"Senator Obama has promised to change the way things are done in Washington and this step is a sure sign of his commitment. The American people's priorities will set the agenda in an Obama Administration, not the special interests."
Steny Hoyer proved by his capitulation on FISA that seniority in the House of Representatives should not be the most important deciding factor in the leadership of the party. Obama needs to make that clear in his stump speeches, and he needs to start doing it immediately. He stayed silent during this ridiculous debacle in the House, and the first thing he should do is make sure that the majority leader in the Senate, Harry Reed, knows his place.

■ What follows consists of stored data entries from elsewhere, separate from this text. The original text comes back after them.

Lemma gram_psd (L : finType) n (c : L -> C) (F : L -> 'I_n -> C) (M : 'M[C]_n) :
  (forall l, 0 <= c l) ->
  (forall a b, M a b = \sum_l c l * ((F l a)^* * F l b)) -> psd M.
Proof.
move=> c_ge0 HM; split.
  apply/matrixP => a b; rewrite adjmxE !HM rmorph_sum; apply: eq_bigr => l _.
  rewrite !rmorphM /= conjCK (geC0_conj (c_ge0 l)).
  by rewrite [X in c l * X]mulrC.
move=> v; rewrite (gram_form _ HM); apply: sumr_ge0 => l _.
by apply: mulr_ge0 => //; rewrite mulrC mul_conjC_ge0.
Qed.

Lemma prod_sum_mpidx (m : nat) (d : 'I_m -> nat)
    (F : forall k : 'I_m, 'I_(d k) -> C) :
  \prod_(k < m) \sum_(i : 'I_(d k)) F k i =
    \sum_(x : mpidx d) \prod_(k < m) F k (x k).
Proof.
pose T_ := fun k : 'I_m => (ordinal (d k) : finType).
pose P_ := fun k : 'I_m => [ffun i : T_ k => F k i].
transitivity (\prod_(k < m) \sum_(j in tagged_with T_ k) untag 0 (P_ k) j).
  apply: eq_bigr => k _.
  rewrite -(big_tag (op := GRing.add) (T_ := T_) (fun k => P_ k) k).
  by apply: eq_bigr => i _; rewrite ffunE.
rewrite bigA_distr_big_dep -(@big_fprod C 0 1 *%R +%R _ T_ P_).
rewrite (reindex (@fprod_of_dffun _ T_)); last first.
  by apply: onW_bij; exact: fprod_of_dffun_bij.
by apply: eq_bigr => x _; apply: eq_bigr => k _; rewrite /P_ ffunE fprodE.
Qed.

(* A tensor product of psd matrices is psd: expanding each factor
   spectrally writes it as a Gram-type sum indexed by the global basis. *)
Lemma tensor_prod_psd (m : nat) (d : 'I_m -> nat)
    (rho : forall k : 'I_m, 'M[C]_(d k)) :
  (forall k, psd (rho k)) -> psd (tensor_prod rho).
Proof.
move=> rho_psd.
pose c (t : mpidx d) := \prod_(k < m) spectral_diag (rho k) 0 (t k).
pose F (t : mpidx d) (a : 'I_(mpdim d)) :=
  \prod_(k < m) spectralmx (rho k) (t k) (enum_val a k).
apply: (@gram_psd _ _ c F).
  by move=> t; apply: prodr_ge0 => k _; exact: psd_spectral_ge0.
move=> a b; rewrite /tensor_prod /mxT mxE.
under eq_bigr do rewrite (psd_spectral_entry _ _ (rho_psd _)).
rewrite prod_sum_mpidx; apply: eq_bigr => t _.
by rewrite /c /F rmorph_prod -!big_split.
Qed.

Lemma tensor_prod_trace (m : nat) (d : 'I_m -> nat)
    (rho : forall k : 'I_m, 'M[C]_(d k)) :
  \tr (tensor_prod rho) = \prod_(k < m) \tr (rho k).
Proof.
rewrite /tensor_prod /mxT /mxtrace.
under eq_bigr do rewrite mxE.
rewrite prod_sum_mpidx (reindex (fun a : 'I_(mpdim d) => enum_val a)) //.
by apply: onW_bij; exact: enum_val_bij.
Qed.

Lemma tensor_prod_density (m : nat) (d : 'I_m -> nat)
    (rho : forall k : 'I_m, 'M[C]_(d k)) :
  (forall k, density (rho k)) -> density (tensor_prod rho).
Proof.
move=> rho_dens; split.
  by apply: tensor_prod_psd => k; case: (rho_dens k).
by rewrite tensor_prod_trace big1 // => k _; case: (rho_dens k).
Qed.

Lemma psd0 n : psd (0 : 'M[C]_n).
Proof.
split; first by apply/matrixP => i j; rewrite !mxE conjC0.
by move=> v; rewrite mulmx0 mul0mx mxE.
Qed.

Lemma psdD n (A B : 'M[C]_n) : psd A -> psd B -> psd (A + B).
Proof.
move=> [A_her A_pos] [B_her B_pos]; split.
  by apply/matrixP => i j; rewrite !mxE rmorphD /= -!adjmxE A_her B_her.
by move=> v; rewrite mulmxDr mulmxDl mxE addr_ge0.
Qed.

Lemma psdZ n (a : C) (A : 'M[C]_n) : 0 <= a -> psd A -> psd (a *: A).
Proof.
move=> a_ge0 [A_her A_pos]; split.
  by apply/matrixP => i j; rewrite !mxE rmorphM /= (geC0_conj a_ge0) -adjmxE A_her.
by move=> v; rewrite -scalemxAr -scalemxAl mxE mulr_ge0.
Qed.

Lemma density_convex_comb n (r : nat) (w : 'I_r -> C) (A : 'I_r -> 'M[C]_n) :
  (forall i, 0 <= w i) -> \sum_(i < r) w i = 1 -> (forall i, density (A i)) ->
  density (\sum_(i < r) w i *: A i).
Proof.
move=> w_ge0 w_sum1 A_dens; split.
  apply: (big_ind (@psd C n)); [exact: psd0 | exact: psdD |].
  by move=> i _; apply: psdZ => //; case: (A_dens i).
rewrite raddf_sum /= -w_sum1; apply: eq_bigr => i _.
by rewrite mxtraceZ; case: (A_dens i) => _ ->; rewrite mulr1.
Qed.

Lemma separable_density (m : nat) (d : 'I_m -> nat) (s : 'M[C]_(mpdim d)) :
  separable s -> density s.
Proof.
move=> [r [w [ps [w_ge0 [w_sum1 [ps_prod ->]]]]]].
apply: density_convex_comb => // i.
by have [rho [rho_dens ->]] := ps_prod i; exact: tensor_prod_density.
Qed.

Lemma density_mix n (p : C) (A B : 'M[C]_n) : 0 <= p <= 1 ->
  density A -> density B -> density ((1 - p) *: A + p *: B).
Proof.
move=> /andP[p_ge0 p_le1] [A_psd A_tr] [B_psd B_tr]; split.
  by apply: psdD; apply: psdZ => //; rewrite subr_ge0.
by rewrite mxtraceD !mxtraceZ A_tr B_tr !mulr1 subrK.
Qed.
End States.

His place is within the confines of the Constitution, and on that point, there is no "compromise."
As leader of the party, Obama now needs to take control of this matter in the same way he did with the DNC. And he needs to make it known that if Democratic lawmakers think they can step outside the lines of the Constitution, that they aren't worthy to serve the American People.
Obama will win this election easily, no matter what he does. He will win it in the biggest landslide in American history if he makes this the defining issue of his campaign. And if he works during his presidency to right all the wrongs that every common person in the nation KNOWS are wrong, he will be one of the best-loved leaders the world has ever known. Obama should know by now that people don't love him for the man he is. They love him for the hope he inspires, because people see the potential for greatness in him. All of his support is completely based on the confidence that he will work for something greater than himself, and to keep that confidence - and that support - he must act in the way that best serves the People. This bill clearly does not do that.

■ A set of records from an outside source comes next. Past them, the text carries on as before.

Definition oplinear {R : realType} {A B : finType} (M : op R A -> op R B)
  : Prop :=
  forall (c : R[i]) (X Y : op R A), M (c *: X + Y) = c *: M X + M Y.

Definition partensor {R : realType} {A B C D : finType}
  (M : op R A -> op R B) (N : op R C -> op R D) (X : op R (A * C)%type)
  : op R (B * D)%type :=
  \sum_(a : A) \sum_(a' : A) \sum_(c : C) \sum_(c' : C)
     X ((a, c), (a', c')) *: tensor (M (eop a a')) (N (eop c c')).

Definition channel {R : realType} {A B : finType} (M : op R A -> op R B)
  : Prop :=
  [/\ oplinear M,
      (forall X : op R A, optr (M X) = optr X) &
      (forall (E : finType) (X : op R (A * E)%type),
          psd X -> psd (partensor M (@id (op R E)) X))].

(* Choi matrix M_{B:A'} = (M (x) I_{A'})(Phi_{AA'}) and its renormalization *)
Definition choi {R : realType} {A B : finType} (M : op R A -> op R B)
  : op R (B * A)%type :=
  \sum_(x : A) \sum_(y : A) tensor (M (eop x y)) (eop x y).

Definition rchoi {R : realType} {A B : finType} (M : op R A -> op R B)
  : op R (B * A)%type :=
  (#|A|%:R)^-1 *: choi M.

Definition CD {R : realType} (F : free_family R) {A B : finType}
  (M : op R A -> op R B) : Prop :=
  F (B * A)%type (rchoi M).

Definition CD_resource_theory {R : realType} (F : free_family R) : Prop :=
  [/\
      (forall A : finType, (0 < #|A|)%N -> CD F (@id (op R A))),
      (forall A B : finType, (0 < #|A|)%N -> (0 < #|B|)%N ->
          CD F (relabel (R := R) (fun p : A * B => (p.2, p.1)))),
      (forall A B : finType, (0 < #|A|)%N -> (0 < #|B|)%N ->
          CD F (@ptr1 R A B)),
      (forall (A B C : finType) (M : op R A -> op R B) (N : op R B -> op R C),
          channel M -> channel N -> CD F M -> CD F N -> CD F (N \o M)) &
      (forall (A B C D : finType) (M : op R A -> op R B)
              (N : op R C -> op R D),
          channel M -> channel N -> CD F M -> CD F N ->
          CD F (partensor M N))].

Definition link_state {R : realType} {A B : finType}
  (mu : op R (B * A)%type) (rho : op R A) : op R B :=
  ptr2 (opmul mu (tensor idop (optrans rho))).

From mathcomp Require Import all_boot all_order all_algebra.
From mathcomp Require Import complex reals.
From mathcomp Require Import ring.
Import GRing.Theory Num.Theory.
Local Open Scope ring_scope.

(* The renormalized Choi matrix identifies the channels A -> B with the states mu on
   B * A whose marginal on A is maximally mixed; the inverse is choi_map mu, which maps
   X to d_A (mu * X).
   (->) The identity channel has Choi matrix Phi / d_A, which is (1).  For (2), both
   choi_map mu and the preparation of rho (the channel with Choi matrix rho (x) 1 / d_A)
   are CD channels; choi_map mu is completely positive because (choi_map mu (x) id)(X)
   is a compression of d_A mu (x) X.  Their composite has Choi matrix
   choi_map mu rho (x) 1 / d_A, and its first marginal is the state of (2).
   (<-) The Choi matrices of the swap, of the discarding map and of a parallel
   composition are relabellings of the free states Phi_A / d_A (x) Phi_B / d_B,
   1 / d_A (x) Phi_B / d_B and mu_M (x) mu_N.  For a sequential composition,
   mu_{N o M} = (N (x) id)(mu_M) = d_B d_A (mu_{N (x) id} * mu_M) is free by (2),
   since mu_{N (x) id} is free as a parallel composition. *)

Set Implicit Arguments.
Unset Strict Implicit.
Unset Printing Implicit Defensive.

Section Operators.
Variable R : realType.
Local Notation C := R[i].

Lemma sum_delta (T : finType) (a : T) (f : T -> C) :
  \sum_x f x * (a == x)%:R = f a.
Proof.
rewrite (bigD1 a) //= eqxx mulr1 big1 ?addr0 // => x.
by rewrite eq_sym => /negbTE ->; rewrite mulr0.
Qed.

Lemma sum_delta2 (S T : finType) (a : S) (b : T) (f : S -> T -> C) :
  \sum_x \sum_y f x y * ((a == x)%:R * (b == y)%:R) = f a b.
Proof.
under eq_bigr do under eq_bigr do rewrite mulrA mulrAC.
by under eq_bigr do rewrite -mulr_suml sum_delta; rewrite sum_delta.
Qed.

Lemma sum_delta2C (S T : finType) (a : S) (b : T) (f : S -> T -> C) :
  \sum_x \sum_y f x y * ((x == a)%:R * (y == b)%:R) = f a b.
Proof.
by under eq_bigr => x _ do under eq_bigr => y _ do rewrite (eq_sym x) (eq_sym y);
  exact: sum_delta2.
Qed.

Lemma sum_pair (A B : finType) (f : A * B -> C) :
  \sum_p f p = \sum_a \sum_b f (a, b).
Proof. by rewrite pair_bigA; apply: eq_bigr => -[]. Qed.

Lemma exchange_big_pairs (I J K L : finType) (F : I -> J -> K -> L -> C) :
  \sum_i \sum_j \sum_k \sum_l F i j k l = \sum_k \sum_l \sum_i \sum_j F i j k l.
Proof.
under eq_bigr do rewrite exchange_big; rewrite exchange_big.
by under eq_bigr do under eq_bigr do rewrite exchange_big; under eq_bigr do rewrite exchange_big.
Qed.

Lemma natr_card_neq0 (T : finType) : (0 < #|T|)%N -> (#|T|%:R : C) != 0.
Proof. by rewrite pnatr_eq0 -lt0n. Qed.

Lemma ffunZE (T : finType) (c : C) (X : op R T) p : (c *: X) p = c * X p.
Proof. by rewrite ffunE. Qed.

Lemma eopE (T : finType) (x y u v : T) :
  (eop x y : op R T) (u, v) = (u == x)%:R * (v == y)%:R.
Proof. by rewrite ffunE /= -mulnb natrM. Qed.

Lemma idopE (T : finType) (x y : T) : (idop : op R T) (x, y) = (x == y)%:R.
Proof. by rewrite ffunE. Qed.

Lemma tensorE (A B : finType) (X : op R A) (Y : op R B) a b a' b' :
  tensor X Y ((a, b), (a', b')) = X (a, a') * Y (b, b').
Proof. by rewrite ffunE. Qed.

Lemma ptr1E (A B : finType) (X : op R (A * B)%type) b b' :
  ptr1 X (b, b') = \sum_a X ((a, b), (a, b')).
Proof. by rewrite ffunE. Qed.

Lemma ptr2E (A B : finType) (X : op R (A * B)%type) a a' :
  ptr2 X (a, a') = \sum_b X ((a, b), (a', b)).
Proof. by rewrite ffunE. Qed.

Even more than that hope, Barack Obama has made it clear (so clear it's in bolded letters on his web site):
"I'M ASKING YOU TO BELIEVE. Not just in my ability to bring about real change in Washington ... I'm asking you to believe in yours."
Well, dammit -- MAKE ME BELIEVE!
Don't just ASK me.
I was ASKED to believe Iraq had nuclear weapons that they planned to use against us. I was ASKED to believe that Saddam was best buddies with al-Qaeda. I was ASKED to believe that we'd be in and out in six months, tops. I was ASKED to believe that the reconstruction of Iraq would be paid for with Iraqi oil dollars.

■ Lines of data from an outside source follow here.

Lemma le_of_forall_pos_exp (a r t n : R) :
  (forall d, 0 < d -> a * exp (- d) * exp (- (r + d) * t) < n) -> a * exp (- r * t) <= n.
Proof.
  intros H.
  set (phi := fun d => a * exp (- d) * exp (- (r + d) * t)).
  assert (Hphi : continuous phi 0).
  { apply (ex_derive_continuous (K := R_AbsRing) (V := R_NormedModule)).
    unfold phi. auto_derive. exact I. }
  replace (a * exp (- r * t)) with (phi 0)
    by (unfold phi; rewrite Ropp_0, exp_0, Rplus_0_r; ring).
  apply (filterlim_le_const (at_right 0)
           (FF := Proper_StrongProper _ (at_right_proper_filter 0)) phi).
  - exact (filterlim_filter_le_1 _ (filter_le_within _) Hphi).
  - exists (mkposreal 1 Rlt_0_1). intros d _ Hd. left. exact (H d Hd).
Qed.

(* [Rgrowth gamma F1 F2 G1 G2 n1 n2 t x] unfolds to
   [reaction_rate gamma F1 F2 G1 G2 (n1 t x) (n2 t x)]. *)
Definition reaction_rate (gamma : R) (F1 F2 G1 G2 : R -> R) (u v : R) : R :=
  let p := rpow (u + v) gamma in
  u / (u + v) * (F1 p + F2 p) + v / (u + v) * (G1 p + G2 p).
Lemma power_spanZ a x : U a -> power_span x -> power_span (a * x).
Proof.
move=> Ua [c [Uc ->]]; exists (fun i => a * c i); split.
  by move=> i; apply: subfieldM.
by rewrite mulr_sumr; apply: eq_bigr => i _; rewrite mulrA.
Qed.

Lemma power_span_sum (I : Type) (r : seq I) (F : I -> C) :
  (forall i, power_span (F i)) -> power_span (\sum_(i <- r) F i).
Proof.
by move=> spanF; elim/big_rec: _ => [|i x _]; [exact: power_span0 | apply: power_spanD].
Qed.

Lemma power_span_dependent (v : 'I_N.+1 -> C) : (forall j, power_span (v j)) ->
  exists c : 'I_N.+1 -> C, [/\ forall j, U (c j), exists j, c j != 0 &
    \sum_j c j * v j = 0].
Proof.
move=> /choice[w /all_and2[Uw vE]].
have [c [Uc c_neq0 cw0]] := subfield_vectors_dependent U_subfield Uw.
exists c; split=> //.
under eq_bigr => j _ do rewrite vE mulr_sumr.
rewrite exchange_big big1 // => k _.
transitivity ((\sum_j c j * w j k) * xi ^+ k); last by rewrite cw0 mul0r.
by rewrite mulr_suml; apply: eq_bigr => j _; rewrite mulrA.
Qed.

Hypotheses (N_gt0 : (0 < N)%N) (U_xiN : U (xi ^+ N)).

Lemma power_span_expr n : power_span (xi ^+ n).
Proof.
elim/ltn_ind: n => n IHn; have [lt_nN|le_Nn] := ltnP n N.
  exists (fun i => (val i == n)%:R); split=> [i|]; first exact: subfield_nat.
  rewrite (bigD1 (Ordinal lt_nN)) //= eqxx mul1r big1 ?addr0 // => i.
  by rewrite -(inj_eq val_inj) => /negPf /= ->; rewrite mul0r.
rewrite -(subnKC le_Nn) exprD; apply: power_spanZ U_xiN (IHn _ _).
by rewrite ltn_subrL N_gt0 (leq_trans N_gt0).
Qed.

Lemma power_span_base a : U a -> power_span a.
Proof. by move=> Ua; rewrite -[a]mulr1; apply: power_spanZ Ua (power_span_expr 0). Qed.

Lemma power_spanM x y : power_span x -> power_span y -> power_span (x * y).
Proof.
move=> [c [Uc ->]] [d [Ud ->]].
rewrite mulr_suml; apply: power_span_sum => i; rewrite -mulrA; apply: power_spanZ => //.
rewrite mulr_sumr; apply: power_span_sum => j; rewrite mulrCA -exprD.
exact: power_spanZ (power_span_expr _).
Qed.

Lemma power_spanX x n : power_span x -> power_span (x ^+ n).
Proof.
move=> spanx; elim: n => [|n IHn]; first exact: power_span_base (subfield1 U_subfield).
by rewrite exprS; apply: power_spanM.
Qed.

(* After dividing out powers of s we may assume a_0 != 0; then
   a_0 + s T = 0 gives s^-1 = - a_0^-1 T. *)
Lemma power_spanV_of_relation s n (a : nat -> C) :
  power_span s -> s != 0 -> (forall j, U (a j)) -> (exists2 j, (j < n)%N & a j != 0) ->
  \sum_(j < n) a j * s ^+ j = 0 -> power_span s^-1.
Proof.
move=> spans s_neq0; elim: n a => [|n IHn] a Ua [j lt_jn aj_neq0]; first by [].
rewrite big_ord_recl expr0 mulr1.
under eq_bigr => i _ do rewrite lift0 exprS mulrCA.
rewrite -mulr_sumr; set T := \sum_(i < n) _.
have [a0|a0_neq0] := eqVneq (a 0%N) 0.
  rewrite a0 add0r => /eqP; rewrite mulf_eq0 (negPf s_neq0) => /eqP T0.
  apply: (IHn (fun i => a i.+1)) T0 => //; case: j lt_jn aj_neq0 => [|j] lt_jn aj_neq0.
    by rewrite a0 eqxx in aj_neq0.
  by exists j.
move=> /eqP; rewrite addrC addr_eq0 => /eqP sT.
have -> : s^-1 = - (a 0%N)^-1 * T.
  by apply: (mulfI s_neq0); rewrite mulfV // mulrCA sT mulNr mulrN opprK mulVf.
apply: power_spanZ; first exact/(subfieldN U_subfield)/(subfieldV U_subfield).
by apply: power_span_sum => i; apply: power_spanZ => //; apply: power_spanX.
Qed.

Lemma power_spanV x : power_span x -> power_span x^-1.
Proof.
move=> spanx; have [->|x_neq0] := eqVneq x 0; first by rewrite invr0; apply: power_span0.
have [c [Uc [j cj_neq0] c0]] := power_span_dependent (fun j => power_spanX j spanx).
apply: (power_spanV_of_relation (n := N.+1) (a := fun j => c (inord j))) => //.
  by exists j; rewrite ?inord_val.
by rewrite -[RHS]c0; apply: eq_bigr => i _; rewrite inord_val.
Qed.

Lemma power_span_subfield : is_subfield power_span.
Proof.
split; [exact: power_span0 | exact: power_span_base (subfield1 U_subfield) | | exact: power_spanM
  | exact: power_spanV].
move=> x y spanx spany; rewrite -mulN1r; apply: power_spanD spanx _.
exact: power_spanZ (subfieldN U_subfield (subfield1 U_subfield)) spany.
Qed.

Lemma gen_field_power_span x : gen_field U xi x -> power_span x.
Proof.
apply: gen_field_min; [exact: power_span_subfield | exact: power_span_base |].
by rewrite -[xi]expr1; apply: power_span_expr.
Qed.

End PowerSpan.

Section RadicalExtension.
Variables (R : realType) (C : fieldType) (absv : C -> R) (p : nat) (U : C -> Prop).
Variables (N M : nat) (xi : C).
Hypotheses (absvP : nonarch_absval absv) (U_subfield : is_subfield U) (p_gt1 : (1 < p)%N).
Hypothesis U_values : forall a, U a -> a != 0 -> is_power_of p (absv a).
Hypotheses (N_gt0 : (0 < N)%N) (U_xiN : U (xi ^+ N)) (co_NM : coprime N M).
Hypothesis absv_xiN : absv xi ^+ N = p%:R^-1 ^+ M.

Lemma radical_neq0 : xi != 0.
Proof.
have : absv xi ^+ N != 0 by rewrite absv_xiN expf_neq0 // invr_eq0 pnatr_eq0 -lt0n ltnW.
by apply: contraNneq => ->; rewrite absv0 // expr0n gtn_eqF.
Qed.

Lemma absv_radical_expr_inj i j a : (i < N)%N -> (j < N)%N -> U a -> a != 0 ->
  absv (xi ^+ i) = absv (xi ^+ j) * absv a -> i = j.
Proof.
move=> lt_iN lt_jN Ua a_neq0; have [k ->] := U_values Ua a_neq0; rewrite !absvX //.
by apply: expr_inj_mod_powz co_NM absv_xiN lt_iN lt_jN; rewrite ltr1n.
Qed.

I am fed up with being ASKED.
This time, you gotta SHOW me.
What I know is that no person on this earth who has taught Constitutional Law could ever vote for the bill passed by the House today. Not if they are remotely intellectually honest. You don't even have to be morally honest to know that.
Having different opinions on proposed legislation is perfectly reasonable, as long as it is a reasonable opinion. Hoyer's opinion is unreasonable on its face, because any opinion that does not adhere to the basic principles of our Constitution is, by definition, unreasonable - unless the opinion is strong enough that the legislator holding that opinion is willing to amend the Constitution. If Steny Hoyer, or Jay Rockefeller, or Harry Reed think that the FISA "compromise" as passed by the House is really what our country needs, they should do the proper thing and propose a Constitutional amendment. Otherwise, there is no conceivable way to justify voting yes for the unconstitutional provisions included in the bill.
Let me say that again. No lawmaker, Republican or Democrat, can reasonably vote in the affirmative for the bill that the House just passed in its current form. It blatantly violates the Constitution, and they are obligated by their oath to vote no. If they believe the changes contained in the bill need to be made, I can respect that. I don't agree, but I respect their opinion. But their opinion doesn't mean squat when voting on legislation that so clearly does not comply with the Constitution they swore to protect and defend. That is why the Founders provided a way to modify or amend our founding charter. But in order to make such radical changes, they included checks and balances in the document itself that set a higher standard than passing mere statutes.
It is the very reason that the unconstitutional provisions in the Military Commissions Act were just struck down by the Supreme Court. You can't change the Constitution by passing a statute.
Amendments to the Constitution must be passed by 2/3 vote in each house, and be ratified by 3/4 of the states. Presidents cannot veto Constitutional amendments. There is a reason amendments are so hard to make: the Founders made the Constitution to be "idiot-proof." They wanted it to work for the good of the People, even if they were governed by idiots. It seems that in George W. Bush, and a perfect storm of ultra-partisan Republicans and ultra-spineless Democrats, the Founders have finally found the idiot to match wits with.